REQUIRED ACTION:
Output the data below line for line, exactly, up to and including the line where "destruct IH as" appears.

Stored items from a collection
----

Lemma restrict_vanishes_off (f : I -> R) : vanishes_off J (restrict J f).
Proof.
  intros j Hj. unfold restrict. destruct (excluded_middle_informative (In j J)); tauto.
Qed.

Lemma restrict_idem (f : I -> R) : restrict J (restrict J f) = restrict J f.
Proof.
  apply functional_extensionality; intros j. unfold restrict.
  destruct (excluded_middle_informative (In j J)); auto.
Qed.

Lemma restrict_linf (f : I -> R) : linf (restrict J f).
Proof.
  set (C := fold_right (fun j acc => Rabs (f j) + acc) 0 J).
  assert (HC : forall K, 0 <= fold_right (fun j acc => Rabs (f j) + acc) 0 K).
  { induction K as [|a K IH]; simpl; [lra|]. pose proof (Rabs_pos (f a)); lra. }
  exists C. intros i. unfold restrict.
  destruct (excluded_middle_informative (In i J)) as [Hin|Hout].
  - unfold C. clear -Hin HC. induction J as [|a K IH]; simpl in *; [contradiction|].
    destruct Hin as [->|Hin].
    + specialize (HC K); lra.
    + specialize (IH Hin). pose proof (Rabs_pos (f a)); lra.
  - rewrite Rabs_R0. apply HC.
Qed.

Lemma restrict_linf_pos (f : I -> R) :
  (forall j, In j J -> 0 <= f j) -> linf_pos (restrict J f).
Proof.
  intros Hf. split; [|apply restrict_linf]. intros j. unfold restrict.
  destruct (excluded_middle_informative (In j J)); auto; lra.
Qed.

End Restrict.

Lemma eventually_forall_In {I : Type} (J : list I) (P : I -> nat -> Prop) :
  (forall j, In j J -> exists N, forall m, (N <= m)%nat -> P j m) ->
  exists N, forall j m, In j J -> (N <= m)%nat -> P j m.
Proof.
  induction J as [|a J IH]; intros H.
  - exists 0%nat; intros j m [].
  - destruct (H a (or_introl eq_refl)) as [Na Ha].
    destruct IH as [NJ HJ]; [intros j Hj; apply H; right; auto|].
    exists (Nat.max Na NJ). intros j m [<-|Hj] Hm.
    + apply Ha; lia.
    + apply HJ; auto; lia.
Qed.

Lemma Gamma_hat_ge {I : Type} Ii gamma mu (s : I -> R) : vle s (Gamma_hat Ii gamma mu s).
Proof. intros i; apply Rmax_l. Qed.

----

THE COMPLETED TASK:
Lemma restrict_vanishes_off (f : I -> R) : vanishes_off J (restrict J f).
Proof.
  intros j Hj. unfold restrict. destruct (excluded_middle_informative (In j J)); tauto.
Qed.

Lemma restrict_idem (f : I -> R) : restrict J (restrict J f) = restrict J f.
Proof.
  apply functional_extensionality; intros j. unfold restrict.
  destruct (excluded_middle_informative (In j J)); auto.
Qed.

Lemma restrict_linf (f : I -> R) : linf (restrict J f).
Proof.
  set (C := fold_right (fun j acc => Rabs (f j) + acc) 0 J).
  assert (HC : forall K, 0 <= fold_right (fun j acc => Rabs (f j) + acc) 0 K).
  { induction K as [|a K IH]; simpl; [lra|]. pose proof (Rabs_pos (f a)); lra. }
  exists C. intros i. unfold restrict.
  destruct (excluded_middle_informative (In i J)) as [Hin|Hout].
  - unfold C. clear -Hin HC. induction J as [|a K IH]; simpl in *; [contradiction|].
    destruct Hin as [->|Hin].
    + specialize (HC K); lra.
    + specialize (IH Hin). pose proof (Rabs_pos (f a)); lra.
  - rewrite Rabs_R0. apply HC.
Qed.

Lemma restrict_linf_pos (f : I -> R) :
  (forall j, In j J -> 0 <= f j) -> linf_pos (restrict J f).
Proof.
  intros Hf. split; [|apply restrict_linf]. intros j. unfold restrict.
  destruct (excluded_middle_informative (In j J)); auto; lra.
Qed.

End Restrict.

Lemma eventually_forall_In {I : Type} (J : list I) (P : I -> nat -> Prop) :
  (forall j, In j J -> exists N, forall m, (N <= m)%nat -> P j m) ->
  exists N, forall j m, In j J -> (N <= m)%nat -> P j m.
Proof.
  induction J as [|a J IH]; intros H.
  - exists 0%nat; intros j m [].
  - destruct (H a (or_introl eq_refl)) as [Na Ha].
    destruct IH as [NJ HJ]; [intros j Hj; apply H; right; auto|].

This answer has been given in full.